As Trump often says, “we’ll see what happens.”
Trump thinks he knows better than anyone about anything, and yet we can all see that he knows almost nothing about what his job entails. This video has been floating around lately.
How to explain Trump’s illusion of competency? Seemingly in answer to this question, The Washington Post has posted an article on the Dunning-Kruger effect: What’s behind the confidence of the incompetent? This suddenly popular psychological phenomenon.
You may have witnessed this scene at work, while socializing with friends or over a holiday dinner with extended family: Someone who has very little knowledge in a subject claims to know a lot. That person might even boast about being an expert.
This phenomenon has a name: the Dunning-Kruger effect. It’s not a disease, syndrome or mental illness; it is present in everybody to some extent, and it’s been around as long as human cognition, though only recently has it been studied and documented in social psychology.
In their 1999 paper, published in the Journal of Personality and Social Psychology, David Dunning and Justin Kruger put data to what has been known by philosophers since Socrates, who supposedly said something along the lines of “the only true wisdom is knowing you know nothing.” Charles Darwin followed that up in 1871 with “ignorance more frequently begets confidence than does knowledge.”
Put simply, incompetent people think they know more than they really do, and they tend to be more boastful about it.

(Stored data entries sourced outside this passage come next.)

Lemma uniq_cat_meet (T : eqType) (x : T) (s t : seq T) :
  uniq s -> uniq (x :: t) -> {in s, forall v, v \in x :: t -> v = x} -> uniq (s ++ t).
Proof.
move=> us; rewrite cons_uniq => /andP[xt ut] meet; rewrite cat_uniq us ut andbT.
apply/hasPn=> v vt; apply/negP=> vs.
by move: xt; rewrite -(meet v vs) ?vt // in_cons vt orbT.
Qed.

Lemma card_set_uniq (T : finType) (P : pred T) (w : seq T) :
  uniq w -> #|[set v in w | P v]| = count P w.
Proof.
move=> uw; have -> : [set v in w | P v] = [set v in filter P w].
  by apply/setP=> v; rewrite !inE mem_filter andbC.
by rewrite cardsE (card_uniqP _) ?filter_uniq // size_filter.
Qed.

Lemma seq_arcs_path (V : finType) (x : V) s : path (seq_arcs (x :: s)) x s.
Proof.
elim: s x => //= y s IH x; rewrite /seq_arcs /= mem_head /=.
by apply: sub_path (IH y) => u v; rewrite /seq_arcs /= in_cons orbC => ->.
Qed.

Lemma dpath_ft_cons (V : finType) (u v : V) s :
  dpath_ft u v s -> exists2 t, s = u :: t & last u t = v /\ uniq (u :: t).
Proof. by case: s => // x t /and4P[/eqP-> _ /eqP lt ut]; exists t. Qed.

Section AlternatingPaths.
Variables (V : finType) (VG : pred V) (A : rel V) (b : nat).

Definition alt_path_walk (a : nat) (u x : V) (W : seq V) : Prop :=
  exists (s t : nat -> V) (Q Q' : nat -> seq V),
    [/\ alt_path_in VG A a b s t Q Q', s 1 = u, t a = x & perm_eq (alt_walk a Q Q') W].

Lemma alt_path_walk_perm a u x W W' :
  perm_eq W W' -> alt_path_walk a u x W -> alt_path_walk a u x W'.
Proof.
move=> WW' [s [t [Q [Q' [R su tx QW]]]]].
by exists s, t, Q, Q'; split=> //; apply: perm_trans QW WW'.
Qed.

Lemma alt_path_walk_card a u x W : alt_path_walk a u x W ->
  exists (s t : nat -> V) (Q Q' : nat -> seq V),
    [/\ alt_path_in VG A a b s t Q Q', s 1 = u, t a = x &
        forall P : pred V, #|[set v in alt_walk a Q Q' | P v]| = count P W].
Proof.
case=> s [t [Q [Q' [R su tx /permP QW]]]]; exists s, t, Q, Q'; split=> // P.
by case: R => _ _ _ _ /andP[uW _]; rewrite card_set_uniq.
Qed.

Lemma alt_path_walk1 u x Qt : path A u Qt -> last u Qt = x ->
  uniq (u :: Qt) -> all VG (u :: Qt) -> alt_path_walk 1 u x (u :: Qt).
Proof.
move=> pQ lQ uQ aQ.
exists (fun=> u), (fun=> x), (fun=> u :: Qt), (fun=> [::]).
have walkE : alt_walk 1 (fun=> u :: Qt) (fun=> [::]) = u :: Qt by rewrite /alt_walk cats0.
split=> //; last by rewrite walkE.
split=> //; last by rewrite walkE uQ.
- by move=> i _; rewrite /= eqxx pQ lQ eqxx.
- by move=> i; lia.
- by split=> i; lia.
Qed.

(* s_1 = t_1 = v with Q_1 = [:: v], Q'_1 = u :: rcons R v and Q_2 = u :: Qt. *)
Lemma alt_path_walk2 u v x R Qt : path A u (rcons R v) -> path A u Qt -> last u Qt = x ->
  b <= (size R).+1 -> uniq (v :: u :: R ++ Qt) -> all VG (v :: u :: R ++ Qt) ->
  alt_path_walk 2 v x (v :: u :: R ++ Qt).
Proof.
move=> pR pQ lQ bR uW aW.
pose Q i := if i == 1 then [:: v] else u :: Qt.
exists (fun i => if i == 1 then v else u), (fun i => if i == 1 then v else x), Q,
  (fun=> u :: rcons R v).
have walkE : alt_walk 2 Q (fun=> u :: rcons R v) = v :: rev (u :: R) ++ Qt.
  by rewrite /alt_walk /= cats0 !rev_cons rev_rcons.
have walkP : perm_eq (v :: rev (u :: R) ++ Qt) (v :: u :: R ++ Qt).
  by rewrite perm_cons -cat_cons perm_cat2r perm_rev.
split=> //; last by rewrite walkE.
split=> //; last by rewrite walkE (perm_uniq walkP) (perm_all _ walkP) uW.
- case=> [|[|[|i]]] // _; first by rewrite /= eqxx.
  rewrite /= eqxx pQ lQ eqxx -cons_uniq.
  apply: subseq_uniq uW; apply: subseq_trans (subseq_cons _ v).
  by rewrite /= eqxx suffix_subseq.
- case=> [|[|i]] //= _; rewrite eqxx pR last_rcons eqxx /=.
  rewrite -cons_uniq -rcons_cons rcons_uniq -cons_uniq.
  exact: subseq_uniq (prefix_subseq [:: v, u & R] Qt) uW.
- by split=> [i|i _]; [lia | rewrite /dlength /= size_rcons].
Qed.
End AlternatingPaths.

Section ExtendedGadget.
Variables (V : finType) (b : nat) (p q r f : V) (P2' M : seq V) (ex : rel V).

Local Notation P1 := (r :: rcons M p).
Local Notation P2 := (f :: P2').
Local Notation VG := (gadgetV q P1 P2).
Local Notation A := (gadgetA q P1 P2 ex).

Hypothesis P2_last : last f P2' = r.
(* The spine P2 ++ M lists the vertices other than p and q; r is the last
   vertex of P2. *)
Hypothesis spine_uniq : uniq [:: q, p & P2 ++ M].
Hypothesis P1_long : b <= (size M).+1.
Hypothesis P2_long : b <= size P2'.
Hypothesis ex_nonempty : exists x y, ex x y.
Hypothesis ex_arcs : forall x y, ex x y ->
  (x = f /\ y = nth r P1 1) \/ (x \in P1 /\ x <> r /\ y = f).

Lemma ex_arc u v : ex u v -> A u v.
Proof. by rewrite /gadgetA => ->; rewrite !orbT. Qed.

Lemma arc_to_q v : v \in r :: M -> A v q.
Proof.
by rewrite /gadgetA !inE mem_rcons !inE eqxx andbT => /orP[]->; rewrite ?orbT.
Qed.

Lemma P1_infix_path u t : infix (u :: t) (r :: M) -> path A u t.
Proof.
move/infix_sorted; apply; apply: (@prefix_path _ _ _ _ (rcons M p)).
  by rewrite -cats1 prefix_prefix.
by apply: sub_path (seq_arcs_path r (rcons M p)) => x y xy; rewrite /gadgetA xy.
Qed.

Lemma M_infix_path u t : infix (u :: t) M -> path A u t.
Proof. by move=> uM; apply/P1_infix_path/(infix_trans uM)/suffixW/suffix_cons. Qed.

Lemma P2_infix_path u t : infix (u :: t) P2 -> path A u t.
Proof.
move/infix_sorted; apply.
by apply: sub_path (seq_arcs_path f P2') => x y xy; rewrite /gadgetA xy orbT.
Qed.

Lemma P2_to_q : path A f (rcons P2' q).
Proof.
by rewrite rcons_path P2_last arc_to_q ?mem_head // (P2_infix_path (infix_refl _)).
Qed.

Lemma arc_P2_to_q u : ex u f -> path A u (rcons P2 q).
Proof. by move=> uf; rewrite /= ex_arc // P2_to_q. Qed.

Lemma spine_in_gadget : {subset [:: q, p & P2 ++ M] <= VG}.
Proof.
move=> v; rewrite [v \in VG]inE !(mem_cat, in_cons, mem_rcons).
by case/or4P=> ->; rewrite ?orbT.
Qed.

Lemma pq_walk_in_gadget u Z : (u == p) || (u == q) -> subseq Z (P2 ++ M) ->
  uniq (u :: Z) && all VG (u :: Z).
Proof.
move=> u_pq subZ; have sub : subseq (u :: Z) [:: q, p & P2 ++ M].
  case/orP: u_pq => /eqP->; last by rewrite /= eqxx; apply: subseq_trans subZ (subseq_cons _ p).
  by apply: subseq_trans (subseq_cons _ q); rewrite /= eqxx.
rewrite (subseq_uniq sub spine_uniq); apply/allP=> v /(mem_subseq sub).
exact: spine_in_gadget.
Qed.

Lemma spine_neq_pq v : v \in P2 ++ M -> (v == p) || (v == q) = false.
Proof.
move: spine_uniq; rewrite cons_uniq in_cons negb_or cons_uniq => /and3P[/andP[_ qS] pS _] vS.
by apply/norP; split; apply/eqP=> vpq; [move: pS | move: qS]; rewrite -vpq vS.
Qed.

Lemma P2_notin_M v : v \in P2 -> v \notin M.
Proof.
move: spine_uniq; rewrite cons_uniq cons_uniq cat_uniq => /and3P[_ _ /and3P[_ /hasPn PM _]].
by move=> vP2; apply/negP=> /PM; rewrite vP2.
Qed.

Definition gadget_path (x : V) (Z : seq V) : Prop :=
  subseq Z (P2 ++ M) /\
  (alt_path_walk VG A b 1 p x (p :: Z) \/ alt_path_walk VG A b 2 q x (q :: Z)).

Lemma gadget_path_from_p Qt x : path A p Qt -> last p Qt = x -> subseq Qt (P2 ++ M) ->
  gadget_path x Qt.
Proof.
move=> pQ lQ subQ; split=> //; left.
have /andP[uQ aQ] : uniq (p :: Qt) && all VG (p :: Qt).
  by apply: pq_walk_in_gadget; rewrite // eqxx.
exact: alt_path_walk1.
Qed.

Lemma gadget_path_from_q u R Qt x Z : path A u (rcons R q) -> path A u Qt -> last u Qt = x ->
  b <= (size R).+1 -> perm_eq (u :: R ++ Qt) Z -> subseq Z (P2 ++ M) ->
  gadget_path x Z.
Proof.
move=> pR pQ lQ bR RQZ subZ; split=> //; right.
have WZ : perm_eq [:: q, u & R ++ Qt] (q :: Z) by rewrite perm_cons.
have /andP[uZ aZ] : uniq (q :: Z) && all VG (q :: Z).
  by apply: pq_walk_in_gadget; rewrite // eqxx orbT.
apply: (alt_path_walk_perm WZ); apply: alt_path_walk2 => //.
  by rewrite (perm_uniq WZ).
by rewrite (perm_all _ WZ).
Qed.

Lemma gadget_path_to_P2 x : x \in P2 -> exists Z, gadget_path x Z.
Proof.
case/mem_split=> L [N EP2]; exists (x :: N ++ M).
have lastN : last x N = r.
  by rewrite -P2_last -[last f P2']/(last x P2) EP2 last_cat.
apply: (@gadget_path_from_q x (N ++ M) [::]) => //.
- have pN : path A x N by apply: P2_infix_path; rewrite EP2 suffix_infix.
  have pM : path A r M by apply: P1_infix_path; exact: infix_refl.
  by rewrite rcons_path cat_path lastN pN pM last_cat lastN arc_to_q ?mem_last.
- by rewrite size_cat; lia.
- by rewrite cats0.
- by rewrite EP2 -catA suffix_subseq.
Qed.

Lemma gadget_path_along_P1 y K N : M = y :: K ++ N -> ex f y \/ ex p f ->
  gadget_path (last y K) (P2 ++ y :: K).
Proof.
move=> EM arc.
have pK : path A r (y :: K) by rewrite P1_infix_path // EM prefix_infix.
have subK : subseq (P2 ++ y :: K) (P2 ++ M).
  by rewrite EM cat_subseq ?prefix_subseq.
case: arc => [fy | pf].
  apply: (@gadget_path_from_q f P2' (y :: K)) => //; first exact: P2_to_q.
  - by case/andP: pK; rewrite /= (ex_arc fy).
  - exact: leqW.
apply: gadget_path_from_p => //; last by rewrite /= last_cat P2_last.
by rewrite /= ex_arc // cat_path P2_last pK P2_infix_path ?infix_refl.
Qed.

Lemma gadget_path_after_arc L u K N : M = L ++ u :: K ++ N -> ex u f ->
  gadget_path (last u K) (P2 ++ u :: K).
Proof.
move=> EM uf; have uKM : infix (u :: K) M by rewrite EM infix_infix.
apply: (@gadget_path_from_q u P2 K) => //.
- exact: arc_P2_to_q.
- exact: M_infix_path.
- exact: leqW (leqW P2_long).
- by rewrite (perm_catCA [:: u] P2 K).
- exact: cat_subseq (subseq_refl _) (infixW uKM).
Qed.

Lemma gadget_path_before_arc L x K u B : M = L ++ x :: K ++ u :: B -> ex u f ->
  gadget_path x (P2 ++ x :: rcons K u).
Proof.
move=> EM uf; have xKM : infix (x :: rcons K u) M.
  by rewrite EM -(cat_rcons u K B) (infix_infix L (x :: rcons K u)).
apply: (@gadget_path_from_q x (rcons K u ++ P2) [::]) => //.
- by rewrite rcons_cat cat_path last_rcons M_infix_path // arc_P2_to_q.
- by rewrite size_cat size_rcons /=; lia.
- by rewrite cats0 -cat_cons perm_catC.
- exact: cat_subseq (subseq_refl _) (infixW xKM).
Qed.

Definition gadget_path_into (X : pred V) : Prop :=
  exists2 x, X x & exists2 S, count X S = 1 & gadget_path x (P2 ++ S).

To test Darwin’s theory, the researchers quizzed people on several topics, such as grammar, logical reasoning and humor. After each test, they asked the participants how they thought they did. Specifically, participants were asked how many of the other quiz-takers they beat.

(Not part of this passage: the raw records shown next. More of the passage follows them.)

Lemma Rabs_bessel_coef_ratio n m :
  Rabs (bessel_coef n (S m) / bessel_coef n m) = / (INR (S m) * INR (S (m + n))).
Proof.
  unfold bessel_coef; simpl (S m + n)%nat.
  rewrite !fact_simpl, !mult_INR; simpl pow.
  pose proof (INR_fact_lt_0 m); pose proof (INR_fact_lt_0 (m + n)).
  pose proof (lt_0_INR (S m) ltac:(lia)); pose proof (lt_0_INR (S (m + n)) ltac:(lia)).
  assert ((-1) ^ m <> 0) by (apply pow_nonzero; lra).
  replace (_ / _) with (- / (INR (S m) * INR (S (m + n)))) by (field; lra).
  rewrite Rabs_Ropp, Rabs_pos_eq; [reflexivity |].
  left; apply Rinv_0_lt_compat; nra.
Qed.

Lemma CV_radius_bessel_coef n : CV_radius (bessel_coef n) = p_infty.
Proof.
  apply CV_radius_infinite_DAlembert; [apply bessel_coef_neq0 |].
  apply is_lim_seq_ext with (fun m => / (INR (S m) * INR (S (m + n)))).
  { intros m; rewrite Rabs_bessel_coef_ratio; reflexivity. }
  apply is_lim_seq_le_le with (fun _ => 0) (fun m => / INR (S m)).
  - intros m.
    pose proof (lt_0_INR (S m) ltac:(lia)).
    assert (1 <= INR (S (m + n))) by (apply (le_INR 1); lia).
    split; [left; apply Rinv_0_lt_compat; nra | apply Rinv_le_contravar; nra].
  - apply is_lim_seq_const.
  - apply (is_lim_seq_incr_1 (fun m => / INR m)).
    change (Finite 0) with (Rbar_inv p_infty).
    apply is_lim_seq_inv; [apply is_lim_seq_INR | discriminate].
Qed.

Lemma ex_pseries_bessel_coef n y : ex_pseries (bessel_coef n) y.
Proof. apply CV_radius_inside; rewrite CV_radius_bessel_coef; exact I. Qed.

Lemma bessel_J_eq_H n x : bessel_J n x = (x / 2) ^ n * bessel_H n ((x / 2) ^ 2).
Proof.
  unfold bessel_J, bessel_H, PSeries; rewrite <- Series_scal_l.
  apply Series_ext; intros m; unfold bessel_coef.
  rewrite pow_add, <- pow_mult.
  pose proof (INR_fact_lt_0 m); pose proof (INR_fact_lt_0 (m + n)).
  field; nra.
Qed.

Lemma bessel_coef_rec n m :
  PS_plus (bessel_coef n) (PS_incr_1 (bessel_coef (S (S n)))) m
  = INR (S n) * bessel_coef (S n) m.
Proof.
  unfold PS_plus, PS_incr_1; change plus with Rplus; unfold bessel_coef.
  match goal with |- ?a = ?b => change (@eq R a b) end.
  destruct m as [|k].
  - cbn [Nat.add]; rewrite fact_simpl, mult_INR; simpl pow.
    change (INR (fact 0)) with 1; change zero with 0.
    pose proof (INR_fact_lt_0 n); pose proof (lt_0_INR (S n) ltac:(lia)).
    field; lra.
  - replace (S k + n)%nat with (S (k + n)) by lia.
    replace (k + S (S n))%nat with (S (S (k + n))) by lia.
    replace (S k + S n)%nat with (S (S (k + n))) by lia.
    rewrite !fact_simpl, !mult_INR; simpl pow.
    pose proof (INR_fact_lt_0 k); pose proof (INR_fact_lt_0 (k + n)).
    pose proof (lt_0_INR (S k) ltac:(lia)); pose proof (lt_0_INR (S (k + n)) ltac:(lia)).
    pose proof (lt_0_INR (S (S (k + n))) ltac:(lia)).
    rewrite (S_INR (S (k + n))), (S_INR (k + n)), S_INR, plus_INR in *.
    rewrite (S_INR n); field; lra.
Qed.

Dunning was shocked by the results, even though it confirmed his hypothesis. Time after time, no matter the subject, the people who did poorly on the tests ranked their competence much higher. On average, test takers who scored as low as the 10th percentile ranked themselves near the 70th percentile. Those least likely to know what they were talking about believed they knew as much as the experts.
That’s it for me today. I’m trying to decide whether to leave the TV off tonight or just mute it until the Democratic response begins. What are you going to do?